Ketua Tim Pembina Posyandu Kabupaten SBB, Yeni Rosbayani Asri, menegaskan Posyandu kini tidak lagi hanya berfungsi memberikan pelayanan kesehatan, tetapi telah berkembang menjadi lembaga kemasyarakatan desa yang mengintegrasikan enam Standar Pelayanan Minimal (SPM), meliputi pendidikan, kesehatan, pekerjaan umum, perumahan rakyat, ketenteraman dan ketertiban umum, perlindungan masyarakat, serta sosial.
“Keberhasilan Posyandu tidak lagi menjadi tanggung jawab sektor kesehatan semata, tetapi membutuhkan kolaborasi seluruh perangkat daerah, pemerintah desa, organisasi masyarakat, dunia usaha, perguruan tinggi, dan seluruh elemen masyarakat,” kata Rosbayani.

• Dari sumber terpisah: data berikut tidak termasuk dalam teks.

Lemma puzzle_edge_swap f mu : swap_functional Lam (vtx a) (vtx b) f ->
  puzzle Lam be mu -> puzzle Lam be' mu.
Proof.
move=> fab.
have s1A : ~~ in_sigma be (vtx a) by rewrite /in_sigma /= be_v eqxx.
have s1B : in_sigma be (vtx b) by rewrite /in_sigma /= be_v eq_sym.
have s2A : in_sigma be' (vtx a) by rewrite /in_sigma /= be'_v.
have s2B : ~~ in_sigma be' (vtx b) by rewrite /in_sigma /= be'_v eqxx.
have i1v : Defs.iota be v = vtx a by rewrite /Defs.iota be_v.
have i2v : Defs.iota be' v = vtx b by rewrite /Defs.iota be'_v.
apply: (quotient_class_swap fab s1A s1B s2A s2B in_sigma_edge i1v i2v) => i iv.
split; first exact: iota_edge.
by case: fab => _ _; apply; apply: contra iv => /eqP/(congr1 tag) /= ->.
Qed.

Lemma edge_vertex_cases u : u != vtx a -> u != vtx b ->
  in_sigma be u && in_sigma be' u \/
  exists2 i, u = Defs.iota be i & Defs.iota be' i = u.
Proof.
move=> ua ub; rewrite -in_sigma_edge // andbb.
have [|nsu] := boolP (in_sigma be u); [by left|right; exists (tag u)].
  by rewrite iota_notin_sigma.
by rewrite iota_notin_sigma // -in_sigma_edge.
Qed.

End Edge.
Lemma cadlag_uniform_closed y :
  (forall e, 0 < e -> exists2 z, cadlag z & forall t, I01 t -> `|z t - y t| < e) ->
  cadlag y.
Proof.
move=> approx; split => t t0 t1.
- have It : I01 t by apply/I01E; rewrite t0 ltW.
  apply/cvgrPdist_lt => e e0; have e30 : 0 < e / 3 by rewrite divr_gt0.
  have [z [zr _] zy] := approx _ e30.
  have /cvgrPdist_lt/(_ _ e30) zt := zr t t0 t1.
  near=> s.
  have Is : I01 s.
    apply/I01E/andP; split; last by near: s; apply: nbhs_right_le.
    by apply: le_trans t0 _; near: s; apply: nbhs_right_ge.
  have zts : `|z t - z s| < e / 3 by near: s.
  have := zy t It; have := zy s Is.
  have := ler_distD (z t) (y t) (y s); have := ler_distD (z s) (z t) (y s).
  by rewrite [`|y t - z t|]distrC; lra.
- have nearI : \forall s \near t^'-, I01 s.
    near=> s; apply/I01E/andP; split; first by near: s; apply: nbhs_left_ge.
    by apply: le_trans t1; near: s; apply: nbhs_left_le.
  apply: cauchy_cvg; apply: cauchy_exP => e e0; have e20 : 0 < e / 2 by rewrite divr_gt0.
  have [z [_ zl] zy] := approx _ e20.
  have /cvg_ex[L /cvgrPdist_lt/(_ _ e20) zL] := zl t t0 t1.
  exists L; rewrite /fmap /=; near=> s; rewrite /preimage /= -ball_normE /ball_ /=.
  have Lzs : `|L - z s| < e / 2 by near: s.
  have Is : I01 s by near: s; exact: nearI.
  have := zy s Is; have := ler_distD (z s) L (y s); lra.
Unshelve. all: by end_near. Qed.

Lemma dDt_cauchy_modulus (u : nat -> Dtilde R d) (e : nat -> R) :
  dDt_cauchy u -> (forall k, 0 < e k) ->
  exists m : nat -> nat, (forall k, (m k <= m k.+1)%N) /\
    forall k p q, (m k <= p)%N -> (m k <= q)%N -> dDt (u p) (u q) < e k.
Proof.
move=> cu e0.
have /choice[N NP] k : exists N, forall p q, (N <= p)%N -> (N <= q)%N ->
  dDt (u p) (u q) < e k by exact: cu.
exists (fun k => \sum_(i < k.+1) N i)%N; split => [k|k p q].
  by rewrite [X in (_ <= X)%N]big_ord_recr leq_addr.
have Nk : (N k <= \sum_(i < k.+1) N i)%N by rewrite big_ord_recr leq_addl.
by move=> kp kq; apply: NP; apply: leq_trans Nk _.
Qed.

Menurutnya, Bimtek tersebut bertujuan meningkatkan kapasitas Tim Pembina Posyandu, menyamakan persepsi terhadap kebijakan Posyandu Era Baru, memperkuat sinergi lintas sektor, meningkatkan kualitas pembinaan kader, serta memastikan pelayanan Posyandu menjangkau seluruh siklus kehidupan masyarakat.
Rosbayani menilai Posyandu memegang peran strategis dalam percepatan penurunan angka stunting. Melalui Posyandu, pemerintah dapat melakukan pendataan sasaran, pemantauan tumbuh kembang anak, edukasi keluarga, hingga menghubungkan masyarakat dengan berbagai layanan dasar.

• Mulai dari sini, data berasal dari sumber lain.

Lemma Rintegral_itv_ge_cst (f : R -> R) (a h c : R) : 0 < h -> continuous f ->
  (forall z, a <= z -> z < a + h -> c <= f z) ->
  c * h <= (\int[leb]_(z in `[a, a + h[) f z)%R.
Proof.
move=> h0 f_cont f_ge.
have c_cont : continuous (fun _ : R => c) by move=> z; exact: cvg_cst.
have c_int := continuous_integrable_itv a (a + h) c_cont.
have leb_itv : leb `[a, a + h[ = h%:E.
  by rewrite lebesgue_measure_itv /= lte_fin ltrDl h0 /= -EFinD addrAC subrr add0r.
rewrite -[c * h]/(c * fine h%:E) -leb_itv -Rintegral_cst; last exact: measurable_itv.
apply: (le_Rintegral _ c_int (continuous_integrable_itv a (a + h) f_cont)).
  exact: measurable_itv.
by move=> z; rewrite /= in_itv /= => /andP[az zah]; exact: f_ge.
Qed.

Lemma gauss_continuous (m c : R) :
  continuous (fun z : R => expR (- ((z - m) ^+ 2) / c)).
Proof.
move=> z; have -> : (fun z : R => expR (- ((z - m) ^+ 2) / c)) =
    expR \o (fun z => - ((z - m) * (z - m)) / c).
  by apply: funext => y; rewrite /= expr2.
apply: continuous_comp; last exact: continuous_expR.
by apply: cvgM; last exact: cvg_cst; apply: cvgN; apply: cvgM; apply: cvgB; [exact: cvg_id | exact: cvg_cst
  | exact: cvg_id | exact: cvg_cst].
Qed.

Lemma gauss_int_gt0 (s2 m eta h : R) : 0 < s2 -> 0 < h -> 0 < gauss_int s2 m eta h.
Proof.
move=> s0 h0; pose B := (`|eta - m| + h) ^+ 2.
have c0 : 0 < expR (- B / (2 * s2)) := expR_gt0 _.
apply: lt_le_trans (mulr_gt0 c0 h0) _; apply: Rintegral_itv_ge_cst => //.
  exact: gauss_continuous.
move=> z ez zeh; rewrite ler_expR !mulNr lerN2 ler_wpM2r ?invr_ge0 ?mulr_ge0 ?ltW //.
rewrite /B; have := ler_norm (eta - m); have := ler_norm (- (eta - m)).
rewrite normrN !expr2 => n1 n2; nra.
Qed.

Lemma convolD (u : R -> R) (t : R) f g :
  leb.-integrable `[0, +oo[ (fun tau => (f tau * u (t - tau))%:E) ->
  leb.-integrable `[0, +oo[ (fun tau => (g tau * u (t - tau))%:E) ->
  convol (f \+ g) u t = convol f u t + convol g u t.
Proof.
move=> fi gi; rewrite /convol; under eq_Rintegral do rewrite /= mulrDl.
by rewrite RintegralD //; exact: measurable_itv.
Qed.

Lemma convolZ (u : R -> R) (t a : R) f :
  leb.-integrable `[0, +oo[ (fun tau => (f tau * u (t - tau))%:E) ->
  convol (fun s => a * f s) u t = a * convol f u t.
Proof.
move=> fi; rewrite /convol; under eq_Rintegral do rewrite -mulrA.
by rewrite RintegralZl //; exact: measurable_itv.
Qed.

End Integrals.

(* The representers r_a, r_b of g |-> (g * u)(a) and g |-> (g * u)(b) have inner
   product given by the kernel-matrix entry, by the reproducing property. *)
Lemma representer_gram (R : realType) (k : R -> R -> R) (G : set (R -> R))
    (ip : (R -> R) -> (R -> R) -> R) (u : R -> R) (a b : R) (ra rb : R -> R) :
  (forall s t, 0 <= s -> 0 <= t -> k s t = k t s) -> is_RKHS k G ip ->
  (forall g, G g -> (@lebesgue_measure R).-integrable `[0, +oo[
     (fun tau => (g tau * u (a - tau))%:E)) ->
  G ra -> (forall g, G g -> ip g ra = convol g u a) ->
  (forall g, G g -> ip g rb = convol g u b) ->
  ip ra rb = kentry k u b a.
Proof.
move=> ksym HR a_int Gra ra_rep rb_rep.
rewrite rb_rep // /convol /kentry; apply: eq_Rintegral => xi.
rewrite inE /= in_itv /= andbT => xi0.
have [Gks ks_rep] := RKHS_reproducing HR xi0.
rewrite -(ks_rep ra Gra) (ip_sym (RKHS_inner_product HR) Gra Gks) ra_rep // /convol.
rewrite mulrC -RintegralZl; [| exact: measurable_itv | exact: a_int _ Gks].
apply: eq_Rintegral => tau; rewrite inE /= in_itv /= andbT => tau0.
by rewrite /ksec tau0 (ksym tau xi tau0 xi0) mulrCA mulrC.
Qed.

(* log P(Y | x), up to the additive constant -N log sqrt(2 pi s2). *)
Definition log_likelihood (R : realType) (N M : nat) (s2 h : R) (eta : 'I_N -> R)
    (x : 'cV[R]_(N + M)) : R :=
  \sum_(i < N) ln (gauss_int s2 (x (lshift M i) 0) (eta i) h).

Lemma posterior_factor (R : realType) (N M : nat) (gamma s2 h : R) (eta : 'I_N -> R)
    (k : R -> R -> R) (u : R -> R) (t : 'I_(N + M) -> R) : 0 < s2 -> 0 < h ->
  exists2 P0 : R, 0 <= P0 & forall x, posterior gamma s2 h eta k u t x =
    P0 * expR (log_likelihood s2 h eta x
               - (x^T *m invmx (covx gamma k u t) *m x) 0 0 / 2).
Proof.
move=> s0 h0.
exists ((Num.sqrt (2 * pi * s2))^-1 ^+ N *
  ((Num.sqrt (2 * pi)) ^- (N + M) / Num.sqrt (\det (covx gamma k u t)))).
  by rewrite !mulr_ge0 ?invr_ge0 ?exprn_ge0 ?invr_ge0 ?sqrtr_ge0.
move=> x; rewrite /posterior /likelihood /gauss_density /log_likelihood.
rewrite big_split /= prodr_const card_ord expRD expR_sum mulNr.
under [X in _ = _ * (X * _)]eq_bigr do rewrite lnK ?posrE ?gauss_int_gt0 //.
ring.
Qed.

Lemma convol_representers (R : realType) (k : R -> R -> R) (G : set (R -> R))
    (ip : (R -> R) -> (R -> R) -> R) (u : R -> R) (n : nat) (t : 'I_n -> R) :
  is_RKHS k G ip ->
  (forall i, exists C : R, forall g, G g ->
     (@lebesgue_measure R).-integrable `[0, +oo[ (fun tau => (g tau * u (t i - tau))%:E)
     /\ `|convol g u (t i)| <= C * Num.sqrt (ip g g)) ->
  exists r : 'I_n -> R -> R,
    (forall i, G (r i)) /\ forall i g, G g -> ip g (r i) = convol g u (t i).
Proof.
move=> HR bounded.
have rep i : exists r, G r /\ forall g, G g -> ip g r = convol g u (t i).
  have [C HC] := bounded i.
  have conv_int g : G g -> (@lebesgue_measure R).-integrable `[0, +oo[
      (fun tau => (g tau * u (t i - tau))%:E) by move=> Gg; exact: (HC g Gg).1.
  apply: (riesz_representation (RKHS_inner_product HR) (RKHS_complete HR) (C := C)).
  - by move=> f g Gf Gg; exact: convolD (conv_int f Gf) (conv_int g Gg).
  - by move=> a f Gf; exact: convolZ (conv_int f Gf).
  - by move=> g Gg; exact: (HC g Gg).2.
have [r rP] := choice rep.
by exists r; split => [i | i]; case: (rP i).
Qed.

Ia berharap Posyandu tidak hanya aktif setiap bulan, tetapi juga mampu menghadirkan pelayanan yang berkualitas, responsif terhadap kebutuhan masyarakat, dan didukung pembinaan yang berkelanjutan.
Dalam kesempatan itu, Rosbayani juga mengajak seluruh peserta menjadikan Bimtek sebagai ruang berbagi pengalaman dan mencari solusi atas berbagai persoalan di lapangan agar ilmu yang diperoleh dapat diterapkan secara nyata di masing-masing wilayah.

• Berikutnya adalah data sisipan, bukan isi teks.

Lemma daugavet_criterion : M = 1 + N <->
  forall eps, 0 < eps -> exists c, lubK (D @` [set i | N - eps < n i]) c /\ 0 <= c.
Proof.
split=> [MN eps eps0|Hsup].
  have [i0 [Ui0 _]] := exists_small_defect MN eps0 eps0.
  have [c [ub_c lub_c]] : exists c, lubK (D @` [set i | N - eps < n i]) c.
    apply: HS; first by exists (D i0), i0.
    - by move=> _ [i _ <-]; exact: ler0_real.
    - by exists 0 => _ [i _ <-].
  exists c; split; first by [].
  have Di0c : D i0 <= c by apply: ub_c; exists i0.
  have cr : c \is Num.real by rewrite -(ler_real Di0c) ler0_real.
  rewrite real_leNgt ?real0 //; apply/negP => c_lt0.
  have Nc_gt0 : 0 < - c by rewrite oppr_gt0.
  have [i [Ui Di]] := exists_small_defect MN eps0 Nc_gt0.
  have Dic : D i <= c by apply: ub_c; exists i.
  by have := lt_le_trans Di Dic; rewrite opprK ltxx.
have Nr : N \is Num.real := ger0_real N_ge0.
apply/eqP; rewrite eq_le M_le /= real_leNgt ?realD ?real1 ?(ler_real M_le) ?realD ?real1 //.
apply/negP => M_lt; pose e := (1 + N - M) / 2.
have e0 : 0 < e by rewrite divr_gt0 // subr_gt0.
have [c [lub_c c0]] := Hsup e e0.
have Dr y : (D @` [set i | N - e < n i]) y -> y \is Num.real.
  by case=> i _ <-; exact: ler0_real.
have Ner : - e \is Num.real by rewrite realN gtr0_real.
have Nec : - e < c by apply: lt_le_trans c0; rewrite oppr_lt0.
have [_ [i Ui <-] Di] := lubK_approx lub_c Dr Ner Nec.
have ME : M = 1 + (N - e) - e by rewrite /e; field.
have : M < m i by rewrite ME mE; apply: ltrD; rewrite ?ltrD2l.
by move/lt_le_trans/(_ (m_le i)); rewrite ltxx.
Qed.

End DaugavetCriterion.

Theorem daugavet_nice_embedding (K : numFieldType) (X : normedModType K)
    (S : topologicalType) (J : X -> S -> K) (pi : S -> (X -> K) -> K)
    (T : {linear X -> X}) :
  lub_complete K -> nice_embedding J ->
  (forall s, is_Lprojection (fun xi x => pi s xi * J x s) (lin1 (fun x => J x s))) ->
  continuous T ->
  (opnorm (fun x => x + T x) = 1 + opnorm T <->
   forall eps, 0 < eps ->
     exists c, lubK ((fun s => daugavet_defect (pi s (fun x => J (T x) s)))
                     @` [set s | opnorm T - eps < dnorm (fun x => J (T x) s)]) c
               /\ 0 <= c).
Proof.
move=> HS nJ Pi Tc.
have [B TB] := (bounded_funP T).2 ((linear_bounded_continuous T).2 Tc) 1.
have idTB x : `|x| <= 1 -> `|x + T x| <= 1 + B.
  by move=> x1; rewrite (le_trans (ler_normD _ _)) // lerD // TB.
have pq_dnorm s : dnorm (fun x => J (x + T x) s) =
    1 + dnorm (fun x => J (T x) s) + daugavet_defect (pi s (fun x => J (T x) s)).
  under eq_fun do rewrite (nice_embeddingD nJ).
  apply: dnorm_add_Lprojection => //.
  - exact: nice_embedding_dual HS nJ s.
  - by move=> x x1; apply: le_trans (nice_embedding_le HS nJ x s) x1.
  - by case: nJ.
  - exact: is_dual_comp (linearP T) Tc (nice_embedding_dual HS nJ s).
apply: (daugavet_criterion (m := fun s => dnorm (fun x => J (x + T x) s))) => //.
- exact (ball_img_ge0 (fun x => normr_ge0 _) (opnorm_lub HS TB)).
- exact (opnorm_add_id_le HS TB).
- exact (nice_embedding_dnorm_le_opnorm HS nJ TB).
- exact (nice_embedding_dnorm_le_opnorm HS nJ idTB).
- by move=> s; exact: daugavet_defect_le0.
- exact (nice_embedding_opnorm_approx HS nJ idTB).
Qed.

Theorem lemma2p1 :
  let stmt := fun K : numFieldType =>
    forall (X : completeNormedModType K) (S : topologicalType)
           (J : X -> S -> K) (pi : S -> (X -> K) -> K) (T : {linear X -> X}),
      hausdorff_space S ->
      nice_embedding J ->
      (forall s : S, is_Lprojection (fun xi x => pi s xi * J x s) (lin1 (fun x => J x s))) ->
      continuous T ->
      (opnorm (fun x => x + T x) = 1 + opnorm T <->
       forall eps : K, 0 < eps ->
         exists c : K,
           lubK ((fun s => `|1 + pi s (fun x => J (T x) s)| - (1 + `|pi s (fun x => J (T x) s)|))
                 @` [set s | opnorm T - eps < dnorm (fun x => J (T x) s)]) c
           /\ 0 <= c)
  in forall R : realType, stmt R /\ stmt R[i].
Proof.
move=> stmt R; split=> X S J pi T _; apply: daugavet_nice_embedding.
- exact: lub_complete_real.
- exact: lub_complete_complex.
Qed.
(* For any incidence function $\varepsilon$ on the toric cell complex $\Delta$, the complex \[ 0\to P_n\xrightarrow{d_n}P_{n-1}\xrightarrow{d_{n-1}}\cdots\xrightarrow{d_2}P_1\xrightarrow{d_1}P_0\xrightarrow{\mu}A\to0 \] is a minimal projective $(A,A)$-bimodule resolution of $A$.
   Context: Let $\mathbb{k}$ be an algebraically closed field and $G\subset\operatorname{SL}(n,\mathbb{k})$ a finite abelian subgroup of diagonal matrices, with $\operatorname{char}\mathbb{k}$ not dividing $|G|$. Let $\rho_i\in G^*=\operatorname{Hom}(G,\mathbb{k}^\times)$ be the $i$-th diagonal entry. The McKay quiver $Q$ has vertex set $G^*$ and, for each $\rho\in G^*$ and $1\le i\le n$, an arrow $a_i^\rho:\rho\to\rho\rho_i$ (label $x_i$). Paths compose right to left. Let $A=\mathbb{k}Q/J$, where $J$ is generated by $a_i^{\rho\rho_j}a_j^\rho-a_j^{\rho\rho_i}a_i^\rho$ for $\rho\in G^*$, $1\le i<j\le n$ (this is isomorphic to the skew group algebra $\mathbb{k}[x_1,\dots,x_n]*G$). Toric cell complex: let $\deg:\mathbb{Z}^n\to G^*$, $\chi_i\mapsto\rho_i$, $M=\ker\deg$, $\mathbb{T}^n=\mathbb{R}^n/M$. The covering quiver has vertex set $\mathbb{Z}^n$ and arrows $u\to u+\chi_i$, mapping to $a_i^{\deg u}$. For $u\in\mathbb{Z}^n$, $S\subseteq\{1,\dots,n\}$ let $F(u,S)=\{u+\sum_{i\in S}\lambda_i\chi_i:0\le\lambda_i\le1\}$ (the faces of unit cubes $u+[0,1]^n$). $\Delta$ is the set of images in $\mathbb{T}^n$ of all $F(u,S)$ together with $\emptyset$; it is a finite regular cell complex, $\Delta_k$ being the images with $|S|=k$. For $\eta$ the image of $F(u,S)$: tail $\mathsf{t}(\eta)=\deg u$, head $\mathsf{h}(\eta)=\deg(u+\sum_{i\in S}\chi_i)$ (vertices of $Q$; $\Delta_0$ is identified with $G^*$). For a face $\eta'\subseteq\eta$ take lifts $F(u',S')\subseteq F(u,S)$; the left-derivative $\overleftarrow{\partial}_{\eta'}\eta\in A$ is the class of the image in $Q$ of any path in the covering quiver from $u'+\sum_{S'}\chi_i$ to $u+\sum_S\chi_i$, and the right-derivative $\overrightarrow{\partial}_{\eta'}\eta\in A$ that of any path from $u$ to $u'$ (these are well defined). Facets are faces of codimension one. An incidence function is $\varepsilon:\Delta\times\Delta\to\{0,\pm1\}$ with $\varepsilon(\eta,\eta')=0$ unless $\eta'$ is a facet of $\eta$, $\varepsilon(\eta,\emptyset)=1$ for 0-cells $\eta$, and for $\eta\in\Delta_k$ and a face $\eta''\in\Delta_{k-2}$ of $\eta$, with $\eta'_1,\eta'_2$ the two $(k-1)$-cells that are facets of $\eta$ containing $\eta''$, $\varepsilon(\eta,\eta_1')\varepsilon(\eta_1',\eta'')+\varepsilon(\eta,\eta_2')\varepsilon(\eta_2',\eta'')=0$. The complex: $P_k=\bigoplus_{\eta\in\Delta_k}Ae_{\mathsf{h}(\eta)}\otimes[\eta]\otimes e_{\mathsf{t}(\eta)}A$ (tensor over $\mathbb{k}$, $[\eta]$ a formal symbol; so $P_0=\bigoplus_{i}Ae_i\otimes e_iA$), $\mu:P_0\to A$ the multiplication, and $d_k(1\otimes[\eta]\otimes1)=\sum_{\eta'\text{ facet of }\eta}\varepsilon(\eta,\eta')\,\overleftarrow{\partial}_{\eta'}\eta\otimes[\eta']\otimes\overrightarrow{\partial}_{\eta'}\eta$.
   Formalization: Each $\rho_i$ is nontrivial; ε(η,η') ≠ 0 exactly when η' is a facet of η; the codimension-two condition holds for every lift of η'' in F(u,S), with the two facets of F(u,S) containing it; the $P_k$ are not asserted projective. Apart from conventions, each condition added here is assumed in the paper as well or is needed for the statement above to hold. *)

From HB Require Import structures.
From mathcomp Require Import all_boot all_order all_algebra all_fingroup.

“Keberhasilan Posyandu diukur dari dampaknya terhadap peningkatan kualitas hidup masyarakat. Karena itu, saya mengajak seluruh Tim Pembina Posyandu, pemerintah kecamatan, pemerintah desa, kader Posyandu, dan seluruh pemangku kepentingan untuk memperkuat gotong royong, koordinasi, serta komitmen bersama mewujudkan Posyandu yang aktif, inovatif, terintegrasi, dan berkualitas,” ujar Rosbayani.